Il dibattito sull’utilizzo delle nuove tecnologie per favorire i contatti con l’esterno dei detenuti risale ai primi anni del nuovo millennio, ma fino all’anno scorso solo timidi tentativi di apertura erano stati favoriti in maniera decisamente poco omogenea nel panorama penitenziario. Solo recentemente, e non a livello legislativo, si è assistito a un’apertura in tal senso, con la Circolare del DAP 0031246-2019; apertura forzosamente ampliata dalla situazione di emergenza attuale.
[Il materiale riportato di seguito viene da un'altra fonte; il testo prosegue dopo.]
(* Consider the free pre-Lie algebra with one generator, realized as $(\mathcal{T},\to)$. A monomial basis of $(\mathcal{T},\to)$ is tree-grounded if and only if there is a section $S$ of the forget-planarity projection $\pi:\mathcal{T}^{pl}\to\mathcal{T}$ such that the basis consists exactly of the monomials $m_{S(t)}$, $t\in T$, where for a planar rooted tree $\sigma$, $m_\sigma$ denotes the unique monomial whose evaluation in $(\mathcal{T}^{pl},\circ\!\!\searrow)$ equals $\sigma$; in that case the basis vectors (evaluations in $(\mathcal{T},\to)$) are the elements $\widetilde{\Psi}_S(t)=\pi\circ\Psi\circ S(t)$, $t\in T$.
   Context: $\mathcal{T}$ is the vector space spanned by the set $T$ of non-planar rooted trees, $\mathcal{T}^{pl}$ the space spanned by planar rooted trees, $\pi$ the linear forget-planarity projection; a section of $\pi$ is a linear map $S:\mathcal{T}\to\mathcal{T}^{pl}$ sending each tree $t$ to a planar tree with $\pi(S(t))=t$. The grafting $s\to t=\sum_{v\in V(t)}s\to_v t$ (graft the root of $s$ by a new edge onto vertex $v$ of $t$) makes $\mathcal{T}$ the free pre-Lie algebra on the one-vertex tree $\bullet$. The Butcher product on non-planar trees is $s\circ\!\!\rightarrow B_+(t_1\cdots t_k)=B_+(s\,t_1\cdots t_k)$, where $B_+$ attaches the roots of the given trees to a new root; on planar trees the left Butcher product $\sigma\circ\!\!\searrow B_+(\tau_1\cdots\tau_k)=B_+(\sigma\tau_1\cdots\tau_k)$ inserts $\sigma$ as leftmost branch, and $(\mathcal{T}^{pl},\circ\!\!\searrow)$ is the free magmatic algebra on $\bullet$. The left grafting on planar trees is $\sigma\searrow\tau=\sum_{v\in V(\tau)}\sigma\searrow_v\tau$ (graft $\sigma$ at $v$ as the leftmost branch), and $\Psi:\mathcal{T}^{pl}\to\mathcal{T}^{pl}$ is the linear map with $\Psi(\bullet)=\bullet$, $\Psi(\sigma_1\circ\!\!\searrow\sigma_2)=\Psi(\sigma_1)\searrow\Psi(\sigma_2)$. A monomial $m$ is a parenthesized word built from the letter $\bullet$ and one binary operation; $m(\bullet,\to)$, $m(\bullet,\circ\!\!\rightarrow)$, $m(\bullet,\circ\!\!\searrow)$ denote its evaluations using grafting, Butcher product, left Butcher product respectively. A monomial basis is a set of monomials whose evaluations $m(\bullet,\to)$ form a basis of $\mathcal{T}$. It is tree-grounded if the trees $m(\bullet,\circ\!\!\rightarrow)$ (its ''lower-energy terms''), for $m$ in the set, are exactly the rooted trees of $T$, each obtained once. *)

From HB Require Import structures.
From mathcomp Require Import all_boot all_order all_algebra.
From Stdlib Require List.
Set Implicit Arguments. Unset Strict Implicit. Unset Printing Implicit Defensive.
Import GRing.Theory.

Inductive ptree := PNode of seq ptree.

Definition children (t : ptree) : seq ptree := let: PNode l := t in l.

Definition bullet : ptree := PNode [::].

Fixpoint ptree_enc (t : ptree) : GenTree.tree unit :=
  let: PNode l := t in GenTree.Node 0 (map ptree_enc l).

Fixpoint ptree_dec (x : GenTree.tree unit) : ptree :=
  match x with
  | GenTree.Leaf _ => PNode [::]
  | GenTree.Node _ l => PNode (map ptree_dec l)
  end.

Fixpoint ptree_encK (t : ptree) : ptree_dec (ptree_enc t) = t :=
  match t with
  | PNode l => f_equal PNode
      ((fix F (l : seq ptree) : map ptree_dec (map ptree_enc l) = l :=
          match l with
          | [::] => erefl
          | x :: l' => f_equal2 cons (ptree_encK x) (F l')
          end) l)
  end.

HB.instance Definition _ := Countable.copy ptree (can_type ptree_encK).

Fixpoint ptree_ind' (P : ptree -> Prop)
  (H : forall l, (forall x, List.In x l -> P x) -> P (PNode l)) (t : ptree) : P t :=
  match t with
  | PNode l => H l
      ((fix F (l : seq ptree) : forall x, List.In x l -> P x :=
          match l with
          | [::] => fun x (hx : List.In x [::]) => match hx with end
          | y :: l' => fun x hx =>
              match hx with
              | or_introl e => eq_ind y P (ptree_ind' H y) x e
              | or_intror h => F l' x h
              end
          end) l)
  end.

Lemma ptree_ind2 (P : ptree -> Prop) :
  (forall l, (forall x, x \in l -> P x) -> P (PNode l)) -> forall t, P t.
Proof.
move=> H; apply: ptree_ind' => l IH; apply: H => x xl; apply: IH; move: xl.
elim: l => //= y l IHl; rewrite in_cons => /orP [/eqP -> | /IHl]; by [left | right].
Qed.

(* A non-planar rooted tree is represented by its canonical planar
   representative: the subtrees at every vertex are (recursively canonical
   and) sorted by a fixed total order on planar trees. *)
Definition ple (a b : ptree) : bool := (pickle a <= pickle b)%N.

Fixpoint canon (t : ptree) : ptree :=
  let: PNode l := t in PNode (sort ple (map canon l)).

Lemma canon_idem (t : ptree) : canon (canon t) = canon t.
Proof.
elim/ptree_ind2: t => l IH /=; congr PNode.
rewrite (@map_id_in _ canon); last first.
  by move=> x; rewrite mem_sort => /mapP [y yl ->]; apply: IH.
apply: sorted_sort.
  by move=> a b c; apply: leq_trans.
by apply: sort_sorted => a b; apply: leq_total.
Qed.

Lemma canon_idemb (t : ptree) : canon (canon t) == canon t.
Proof. by rewrite canon_idem. Qed.

Definition ntree := {t : ptree | canon t == t}.

(* the forget-planarity projection piT (on trees; extended linearly to formal
   sums by [map piT]) *)
Definition piT (t : ptree) : ntree := @exist _ (fun u => canon u == u) (canon t) (canon_idemb t).

(* Elements of T and T^pl with nonnegative integer coefficients are
   represented as finite lists of trees (coefficient = multiplicity). *)

(* planar left grafting: sigma \searrow tau = sum over vertices v of tau of
   sigma grafted at v as leftmost branch *)
Fixpoint lgraft (s t : ptree) {struct t} : seq ptree :=
  match t with
  | PNode l => PNode (s :: l) :: map PNode
      ((fix aux (l : seq ptree) : seq (seq ptree) :=
          match l with
          | [::] => [::]
          | x :: l' => [seq u :: l' | u <- lgraft s x] ++ [seq x :: r | r <- aux l']
          end) l)
  end.

Definition lgraftS (xs ys : seq ptree) : seq ptree :=
  flatten [seq lgraft x y | x <- xs, y <- ys].

Definition ngraft (s t : ntree) : seq ntree := map piT (lgraft (val s) (val t)).

Definition ngraftS (xs ys : seq ntree) : seq ntree :=
  flatten [seq ngraft x y | x <- xs, y <- ys].

Definition nbutcher (s t : ntree) : ntree := piT (PNode (val s :: children (val t))).

Definition lbutcher (s t : ptree) : ptree := PNode (s :: children t).

(* Psi : T^pl -> T^pl, Psi(bullet) = bullet,
   Psi(sigma1 o\ sigma2) = Psi(sigma1) \searrow Psi(sigma2)
   (every planar tree other than bullet is uniquely B+(sigma1 :: l) =
   sigma1 o\ B+(l)). *)
Fixpoint Psi (t : ptree) : seq ptree :=
  match t with
  | PNode l =>
      (fix aux (l : seq ptree) : seq ptree :=
         match l with
         | [::] => [:: bullet]
         | s :: l' => lgraftS (Psi s) (aux l')
         end) l
  end.

(* parenthesized words in the letter bullet and one binary operation *)
Inductive mon := MLeaf | MOp of mon & mon.

Fixpoint mon_enc (m : mon) : GenTree.tree unit :=
  match m with
  | MLeaf => GenTree.Leaf tt
  | MOp a b => GenTree.Node 0 [:: mon_enc a; mon_enc b]
  end.

Fixpoint mon_dec (x : GenTree.tree unit) : mon :=
  match x with
  | GenTree.Node _ [:: a; b] => MOp (mon_dec a) (mon_dec b)
  | _ => MLeaf
  end.

Lemma mon_encK : cancel mon_enc mon_dec.
Proof. by elim=> //= a -> b ->. Qed.

HB.instance Definition _ := Countable.copy mon (can_type mon_encK).

Fixpoint eval_graft (m : mon) : seq ntree :=
  match m with
  | MLeaf => [:: piT bullet]
  | MOp a b => ngraftS (eval_graft a) (eval_graft b)
  end.

Fixpoint eval_butcher (m : mon) : ntree :=
  match m with
  | MLeaf => piT bullet
  | MOp a b => nbutcher (eval_butcher a) (eval_butcher b)
  end.

Fixpoint eval_lbutcher (m : mon) : ptree :=
  match m with
  | MLeaf => bullet
  | MOp a b => lbutcher (eval_lbutcher a) (eval_lbutcher b)
  end.

Local Open Scope ring_scope.
Definition coef (K : fieldType) (xs : seq ntree) (u : ntree) : K :=
  (count_mem u xs)%:R.

Definition lin_comb (K : fieldType) (ms : seq mon) (c : mon -> K) (u : ntree) : K :=
  \sum_(m <- ms) c m * coef K (eval_graft m) u.

Definition monomial_basis (K : fieldType) (B : mon -> Prop) : Prop :=
  (forall (ms : seq mon) (c : mon -> K), uniq ms -> (forall m, m \in ms -> B m) ->
     (forall u, lin_comb ms c u = 0) -> forall m, m \in ms -> c m = 0)
  /\ (forall t : ntree, exists (ms : seq mon) (c : mon -> K),
        (forall m, m \in ms -> B m) /\ forall u, lin_comb ms c u = (u == t)%:R).

(* tree-grounded: the lower-energy terms m(bullet, o->), m in B, are exactly
   the trees of T, each obtained once *)
Definition tree_grounded (B : mon -> Prop) : Prop :=
  (forall t : ntree, exists m, B m /\ eval_butcher m = t)
  /\ (forall m1 m2, B m1 -> B m2 -> eval_butcher m1 = eval_butcher m2 -> m1 = m2).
Strumenti che prima solo sporadicamente venivano impiegati per mancanza di mezzi, per disinteresse (o volontà di chiusura figlia di una politica penale retributiva più che rieducativa), o perché visti con

diffidenza, ora, per forza di cose, sono stati sperimentati dall’Amministrazione penitenziaria massivamente e in poco tempo. 

In maniera positiva deve essere visto l’intervento solidaristico intrapreso da alcune società private esterne, come quello da parte di Tim che ha portato alla donazione di 1600 IPhone (in dotazione di scheda da 100 giga di internet) da distribuire su tutto il territorio, quello della Cisco per l’installazione gratuita di piattaforme per il collegamento da remoto, o quello di Unidata che ha fornito gratuitamente connettività in fibra negli istituti di Regina Coeli e Rebibbia NC. Questi interventi sono stati fondamentali per ovviare alla mancanza di mezzi alla quale si alludeva sopra.
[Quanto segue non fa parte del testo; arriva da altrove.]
Definition eval_term {D} (c : nat -> D) (v : nat -> D) (t : term) : D :=
  match t with Var x => v x | Cst k => c k end.

Fixpoint sat {P D} (c : nat -> D) (r : P -> list D -> Prop) (v : nat -> D)
  (F : form P) : Prop :=
  match F with
  | FBot => False
  | FAtom p ts => r p (map (eval_term c v) ts)
  | FEq t1 t2 => eval_term c v t1 = eval_term c v t2
  | FAnd G H => sat c r v G /\ sat c r v H
  | FOr G H => sat c r v G \/ sat c r v H
  | FImp G H => sat c r v G -> sat c r v H
  | FAll x G => forall d : D, sat c r (upd v x d) G
  | FEx x G => exists d : D, sat c r (upd v x d) G
  end.

Definition models {D} (I : interp D) (F : form nat) : Prop :=
  forall v : nat -> D, sat (ic I) (ip I) v F.

(* F*(u): formulas over predicate symbols  inl p  (the constant p) and
   inr p  (the predicate variable u_p of the same arity as p). *)
Fixpoint star (F : form nat) : form (nat + nat) :=
  match F with
  | FBot => FBot
  | FAtom p ts => FAtom (inr p) ts
  | FEq t1 t2 => FEq t1 t2
  | FAnd G H => FAnd (star G) (star H)
  | FOr G H => FOr (star G) (star H)
  | FImp G H => FAnd (FImp (star G) (star H))
                     (FImp (map_preds inl G) (map_preds inl H))
  | FAll x G => FAll x (star G)
  | FEx x G => FEx x (star G)
  end.

Definition le_on {D} (ps : list (nat * nat)) (U R : nat -> list D -> Prop) : Prop :=
  forall p n, In (p, n) ps -> forall l : list D, length l = n -> U p l -> R p l.
Definition eq_on {D} (ps : list (nat * nat)) (U R : nat -> list D -> Prop) : Prop :=
  forall p n, In (p, n) ps -> forall l : list D, length l = n -> (U p l <-> R p l).
Definition lt_on {D} (ps : list (nat * nat)) (U R : nat -> list D -> Prop) : Prop :=
  le_on ps U R /\ ~ eq_on ps U R.

Definition with_vars {D} (R U : nat -> list D -> Prop) : nat + nat -> list D -> Prop :=
  fun s => match s with inl p => R p | inr p => U p end.

(* I |= SM[F] :  F /\ ~ exists u ((u < p) /\ F*(u)),
   the second-order quantifier ranging over all relations on the domain. *)
Definition models_SM {D} (I : interp D) (F : form nat) : Prop :=
  models I F /\
  ~ (exists U : nat -> list D -> Prop,
        lt_on (preds F) U (ip I) /\
        forall v : nat -> D, sat (ic I) (with_vars (ip I) U) v (star F)).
Da un punto di vista pratico i collegamenti audiovisivi sono stati organizzati in maniera difforme sul territorio, attraverso disposizioni dei singoli PRAP e delle singole direzioni, con l’impiego di diverse piattaforme (Skype, Skype for business, Google Duo, Cisco

Webex e Whatsapp) in base alla disponibilità di ogni istituto. La circolare DAP

n.0096018/2020 del 21 marzo ha previsto in maniera generalizzata la possibilità di effettuare video-colloqui e telefonate anche oltre i limiti dell’art.39 d.P.R 230/00, senza alcuna spesa aggiuntiva per i detenuti.
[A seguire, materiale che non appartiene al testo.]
(* For a (real or complex) variable $z$ and integers $K\ge0$ let $b_K(z)=\sum_{k=0}^{K}C_k\binom{K+k}{K-k}z^k$, where $C_k=\frac{1}{k+1}\binom{2k}{k}$ are the Catalan numbers. Then for $K\ge2$, $$(K+1)b_K(z)=(2K-1)(1+2z)b_{K-1}(z)-(K-2)b_{K-2}(z),$$ and for $K\ge0$, $$b_{K+1}(z)=b_K(z)+z\sum_{l=0}^{K}b_l(z)b_{K-l}(z),$$ with $b_0(z)=1$ and $b_1(z)=1+z$. *)

From mathcomp Require Import all_boot all_order all_algebra.
Set Implicit Arguments. Unset Strict Implicit. Unset Printing Implicit Defensive.
Import GRing.Theory Num.Theory.
Local Open Scope ring_scope.

(* Catalan numbers C_k = binom(2k,k)/(k+1) (exact division in nat). *)
Definition catalan (k : nat) : nat := ('C(k.*2, k) %/ k.+1)%N.

Definition bK (R : ringType) (K : nat) (z : R) : R :=
  \sum_(0 <= k < K.+1) ((catalan k * 'C(K + k, K - k))%N)%:R * z ^+ k.

From mathcomp Require Import all_boot all_order all_algebra.
From mathcomp Require Import zify ring.
Import GRing.Theory Num.Theory.

(* Write b_K(z) = sum_k d(K,k) z^k with d(K,k) = C_k binom(K+k,2k); both
   recurrences are identities between coefficients.  For the three-term one,
   d(K,k) k! (k+1)! is the falling factorial (K+k)^(2k), so after clearing
   factorials the four coefficients involved are one falling factorial times
   polynomials in K and k.  For the quadratic one, summing d(l,j) d(K-l,m-j)
   over l is an upper Vandermonde convolution equal to
   C_j C_(m-j) binom(K+m+1,2m+1); Segner's recurrence then sums the Catalan
   products to C_(m+1), and Pascal's rule finishes. *)

Lemma mulS_catalan k : k.+1 * catalan k = 'C(k.*2, k).
Proof.
rewrite /catalan mulnC divnK //; apply/dvdnP.
exists ('C(k.*2, k) - 'C(k.*2, k.+1)).
have := mul_bin_left k.*2 k; rewrite -{2}addnn addnK => bin_kS.
by rewrite mulnBl [X in _ - X]mulnC bin_kS mulnSr mulnC addKn.
Qed.

Lemma catalan_fact k : catalan k * (k`! * k.+1`!) = k.*2`!.
Proof.
have bin2k := bin_fact (leq_addl k k); rewrite addnK addnn in bin2k.
by rewrite -bin2k -mulS_catalan factS; ring.
Qed.

Lemma catalanS k : k.+2 * catalan k.+1 = 2 * k.*2.+1 * catalan k.
Proof.
apply/eqP; rewrite -(@eqn_pmul2r (k.+1`! * k.+2`!)) ?muln_gt0 ?fact_gt0 //.
rewrite -mulnA catalan_fact doubleS !factS -(catalan_fact k) factS.
by rewrite -!mul2n; apply/eqP; ring.
Qed.

Lemma sum_weight_symmetric N (f : nat -> nat) :
  (forall i, i <= N -> f (N - i) = f i) ->
  2 * (\sum_(i < N.+1) i * f i) = N * \sum_(i < N.+1) f i.
Proof.
move=> f_sym; rewrite mul2n -addnn {2}(reindex_inj rev_ord_inj) -big_split big_distrr /=.
apply: eq_bigr => i _; have le_iN : i <= N by rewrite -ltnS.
by rewrite subSS f_sym // -mulnDl subnKC.
Qed.

Lemma catalan_convolution N :
  \sum_(i < N.+1) catalan i * catalan (N - i) = catalan N.+1.
Proof.
pose T n := \sum_(i < n.+1) catalan i * catalan (n - i).
pose W n := \sum_(i < n.+1) i * (catalan i * catalan (n - i)).
have W_sym n : 2 * W n = n * T n.
  rewrite /W /T; apply: (sum_weight_symmetric _ (fun i => catalan i * catalan (n - i))).
  by move=> i le_in; rewrite subKn // mulnC.
have shift_weight n : \sum_(i < n.+1) i.+1 * (catalan i * catalan (n - i)) = W n + T n.
  by rewrite /W /T -big_split; apply: eq_bigr => i _; rewrite mulSnr.
(* For S = sum_i (i+1) C_i C_(N-i), symmetry gives 2 S = (N+2) T N, while
   catalanS and the induction hypothesis give S = (2N+1) C_N; catalanS again
   identifies 2 (2N+1) C_N with (N+2) C_(N+1). *)
change (T N = catalan N.+1); elim: N => [|M IH]; first by rewrite /T big_ord1.
have sum_succ : \sum_(i < M.+2) i.+1 * (catalan i * catalan (M.+1 - i))
                 = (M.+1).*2.+1 * catalan M.+1.
  rewrite big_ord_recl /= subn0.
  under eq_bigr do rewrite /bump /= add1n subSS mulnA catalanS -mulnA
                           -mul2n mulnSr mulnDl -!mulnA.
  rewrite big_split -!big_distrr /= -/(W M) -/(T M) W_sym IH.
  by rewrite -[catalan 0]/1 -!mul2n; ring.
apply/eqP; rewrite -(@eqn_pmul2l M.+3) // catalanS -mulnA -sum_succ.
by rewrite shift_weight mulnDr W_sym; apply/eqP; ring.
Qed.

Lemma hockey_stick a N : \sum_(0 <= m < N.+1) 'C(m, a) = 'C(N.+1, a.+1).
Proof.
elim: N => [|N IH]; first by rewrite big_nat1; case: a.
by rewrite big_nat_recr //= IH [RHS]binS addnC.
Qed.

Lemma upper_Vandermonde a b N :
  \sum_(0 <= m < N.+1) 'C(m, a) * 'C(N - m, b) = 'C(N.+1, (a + b).+1).
Proof.
elim: N b => [|N IH] [|b].
- by rewrite big_nat1 addn0 muln1; case: a.
- by rewrite big_nat1 muln0 bin_small //; lia.
- by rewrite addn0 -hockey_stick; apply: eq_bigr => m _; rewrite bin0 muln1.
rewrite big_nat_recr //= subnn muln0 addn0.
rewrite (eq_big_nat _ _
  (F2 := fun m => 'C(m, a) * 'C(N - m, b.+1) + 'C(m, a) * 'C(N - m, b))).
  by rewrite big_split /= !IH addnS.
by move=> m /andP[_ lt_mN]; rewrite subSn // binS mulnDr.
Qed.

Lemma upper_Vandermonde_shift a b i j n : i <= a -> j <= b ->
  \sum_(0 <= l < n.+1) 'C(l + i, a) * 'C(n - l + j, b)
  = 'C((n + i + j).+1, (a + b).+1).
Proof.
move=> le_ia le_jb; rewrite -upper_Vandermonde.
rewrite [RHS](big_cat_nat (n := i)) //=; last by lia.
rewrite [X in _ + X](big_cat_nat (n := (n + i).+1)) //=; [|lia..].
rewrite [X in _ = X + _]big_nat_cond [X in _ = X + _]big1 ?add0n; last first.
  by move=> m /andP[/andP[_ lt_mi] _]; rewrite bin_small ?mul0n // (leq_trans lt_mi).
rewrite [X in _ = _ + X]big_nat_cond [X in _ = _ + X]big1 ?addn0; last first.
  by move=> m /andP[/andP[lt_nim lt_m] _]; rewrite [X in _ * X]bin_small ?muln0 //; lia.
rewrite -{2}(add0n i) big_addn -addSn addnK.
by apply: eq_big_nat => l /andP[_ lt_ln]; congr (_ * 'C(_, _)); lia.
Qed.

Definition bcoef (K k : nat) : nat := catalan k * 'C(K + k, k.*2).

Lemma bcoef_ffact K k : bcoef K k * (k`! * k.+1`!) = (K + k) ^_ k.*2.
Proof. by rewrite /bcoef mulnAC catalan_fact mulnC bin_ffact. Qed.

Lemma bcoef0 K : bcoef K 0 = 1.
Proof. by rewrite /bcoef bin0. Qed.

Lemma bcoef_three_term n j :
  n.+3 * bcoef n.+2 j.+1 + n * bcoef n j.+1
  = (n.*2 + 3) * (bcoef n.+1 j.+1 + 2 * bcoef n.+1 j).
Proof.
set F := (n + j).+1 ^_ j.*2.
set M := j.+1`! * j.+2`!.
have b2 : bcoef n.+2 j.+1 * M = (n + j).+3 * (n + j).+2 * F.
  by rewrite bcoef_ffact !addnS !addSn doubleS !ffactSS mulnA.
have b1 : bcoef n.+1 j.+1 * M = (n + j).+2 * F * (n.+1 - j).
  rewrite bcoef_ffact !addnS !addSn doubleS ffactSS ffactnSr -mulnA.
  by congr (_ * (_ * _)); lia.
have b0 : bcoef n j.+1 * M = F * (n.+1 - j) * (n - j).
  rewrite bcoef_ffact !addnS doubleS !ffactnSr -/F.
  by congr (_ * _ * _); lia.
have bj : bcoef n.+1 j * M = j.+1 * j.+2 * F.
  rewrite -/F -[F](bcoef_ffact n.+1 j) /M !factS; ring.
apply/eqP; rewrite -(@eqn_pmul2r M) ?muln_gt0 ?fact_gt0 //; apply/eqP.
rewrite mulnDl -(mulnA n.+3) -(mulnA n) b2 b0.
rewrite -[in RHS]mulnA (mulnDl (bcoef n.+1 j.+1)) -(mulnA 2) b1 bj.
have [le_jn | lt_nj] := leqP j n.
  have [t ->] : exists t, n = t + j by exists (n - j); rewrite subnK.
  by rewrite -addSn !addnK -!mul2n; ring.
have [-> | lt_Sn_j] := eqVneq j n.+1.
  by rewrite subnn (eqP (leqnSn n)) -!mul2n; ring.
by rewrite /F ffact_small ?(muln0, mul0n) //; lia.
Qed.

Lemma bcoef_convolution K i j :
  \sum_(l < K.+1) bcoef l i * bcoef (K - l) j
  = catalan i * catalan j * 'C((K + i + j).+1, (i + j).*2.+1).
Proof.
rewrite doubleD -upper_Vandermonde_shift; [|lia..].
by rewrite big_distrr big_mkord; apply: eq_bigr => l _; rewrite /bcoef mulnACA.
Qed.

Lemma bcoef_quadratic K m :
  bcoef K.+1 m.+1
  = bcoef K m.+1 + \sum_(l < K.+1) \sum_(j < m.+1) bcoef l j * bcoef (K - l) (m - j).
Proof.
rewrite exchange_big /=.
under eq_bigr => j _ do rewrite bcoef_convolution -addnA (subnKC (ltn_ord j : j <= m)).
rewrite -big_distrl /= catalan_convolution /bcoef !addnS addSn doubleS binS.
by rewrite mulnDr addnC.
Qed.

Local Open Scope ring_scope.

Section BPoly.

Variable R : comNzRingType.

Definition bpoly K : {poly R} := \poly_(k < K.+1) (bcoef K k)%:R.

Lemma coef_bpoly K k : (bpoly K)`_k = (bcoef K k)%:R.
Proof.
rewrite coef_poly; case: ltnP => // lt_Kk.
by rewrite /bcoef bin_small ?muln0 // -addnn ltn_add2r.
Qed.

Lemma horner_bpoly K z : (bpoly K).[z] = bK K z.
Proof.
rewrite horner_poly /bK big_mkord; apply: eq_bigr => k _.
rewrite /bcoef -bin_sub; last by rewrite -addnn leq_add2r -ltnS.
by rewrite -addnn subnDr.
Qed.

Lemma bpoly_three_term n :
  n.+3%:R *: bpoly n.+2 + n%:R *: bpoly n
  = (n.*2 + 3)%N%:R *: ((1 + 2 *: 'X) * bpoly n.+1).
Proof.
apply/polyP => k; rewrite mulrDl mul1r -scalerAl scalerDr.
rewrite !coefD !coefZ coefXM !coef_bpoly.
case: k => [|j] /=; last by rewrite -mulrDr -!natrM -!natrD -natrM bcoef_three_term.
by rewrite !bcoef0 !mulr0 addr0 -!natrM -natrD; congr _%:R; lia.
Qed.

Lemma bpoly_quadratic K :
  bpoly K.+1 = bpoly K + 'X * \sum_(l < K.+1) bpoly l * bpoly (K - l).
Proof.
apply/polyP => m; rewrite coefD coefXM coef_sum !coef_bpoly.
case: m => [|m] /=; first by rewrite !bcoef0 addr0.
rewrite bcoef_quadratic natrD natr_sum; congr (_ + _); apply: eq_bigr => l _.
by rewrite coefM natr_sum; apply: eq_bigr => j _; rewrite !coef_bpoly natrM.
Qed.

End BPoly.

Theorem lemma4 (R : numFieldType) (z : R) :
  (forall K : nat, (2 <= K)%N ->
     K.+1%:R * bK K z
     = (K.*2 - 1)%N%:R * (1 + 2 * z) * bK K.-1 z - (K%:R - 2) * bK K.-2 z)
  /\ (forall K : nat,
     bK K.+1 z = bK K z + z * \sum_(0 <= l < K.+1) bK l z * bK (K - l) z)
  /\ bK 0 z = 1 /\ bK 1 z = 1 + z.
Proof.
split=> [[|[|n]] // _ /=|].
  have := congr1 (horner^~ z) (bpoly_three_term R n).
  rewrite /= hornerD !hornerZ hornerM hornerD hornerZ hornerX -polyC1 hornerC.
  rewrite !horner_bpoly => three_term.
  have -> : n.+2%:R - 2 = n%:R :> R by rewrite -addn2 natrD addrK.
  by rewrite !doubleS subn1 /= -(addn3 n.*2) -mulrA -three_term addrK.
split=> [K|]; last split.
- have := congr1 (horner^~ z) (bpoly_quadratic R K).
  rewrite /= hornerD hornerM hornerX horner_sum !horner_bpoly big_mkord => ->.
  by congr (_ + _ * _); apply: eq_bigr => l _; rewrite hornerM !horner_bpoly.
- by rewrite /bK big_nat1 mulr1.
- by rewrite /bK big_nat_recr //= big_nat1 mulr1 mul1r.
Qed.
Nonostante le videochiamate siano assimilate ai colloqui, la loro durata è fissata in media tra i venti e i trenta minuti (anziché un’ora come il colloquio ordinario ex art.37 d.P.R. 230/00) con lo scopo di garantire il servizio a tutti i detenuti, per un numero di chiamate settimanali (il numero di colloqui a cui ha diritto un detenuto di norma è di 6 al mese) che varia in base alla capienza dell’istituto e alla disponibilità di apparecchiature, spazi e personale. Il collegamento viene aperto da un operatore penitenziario che ha anche il compito di accertare l’identità del soggetto autorizzato ad effettuare la videochiamata con il detenuto, e quello di sorveglianza visiva e non auditiva del “colloquio”. L’apparecchiatura viene inoltre sanificata prima e dopo ogni singolo utilizzo. Anche in una situazione di normalità, i colloqui telematici rappresentano strumenti per garantire il diritto all’affettività soprattutto a tutti quei soggetti che per lontananza (si pensi a tutti i detenuti stranieri i cui familiari non si trovano nemmeno nel territorio italiano) o per motivi di salute o economici, non hanno la possibilità di fare visita ai propri cari. I risultati positivi sono in parte già riscontrabili in detenuti che hanno visto (seppur davanti uno schermo) la famiglia dopo diversi anni.

Il tabù sui mezzi tecnologici in carcere sembra essere stato finalmente superato; si è avuto modo di sperimentarne le modalità logistiche, nonché di contemperarne l’uso con le esigenze di sicurezza.

In un futuro non più emergenziale si auspica il mantenimento, nonché l’ulteriore valorizzazione, di tali strumenti, non solo per preservare i contatti affettivi, ma anche per arricchire le possibilità trattamentali già previste nel nostro ordinamento. Infatti, considerando gli esigui costi che comportano, la facilità di utilizzo, la capacità di collegare in modo semplice e veloce il mondo esterno e quello penitenziario, i contatti

da remoto si prestano ad essere utili anche quali strumenti di studio o per la professionalizzazione del lavoro dei detenuti. Tutto ciò, occorre sottolinearlo, non dovrà però servire quale movente per ridurre i contatti umani, di per sé già poco garantiti in uno spazio chiuso come il carcere; perché si possa mantenere una prospettiva di apertura del mondo penitenziario, quello tecnologico dovrà rimanere uno strumento integrativo e mai sostitutivo dell’imprescindibile contatto umano che deve continuare ad essere valorizzato e ampliato.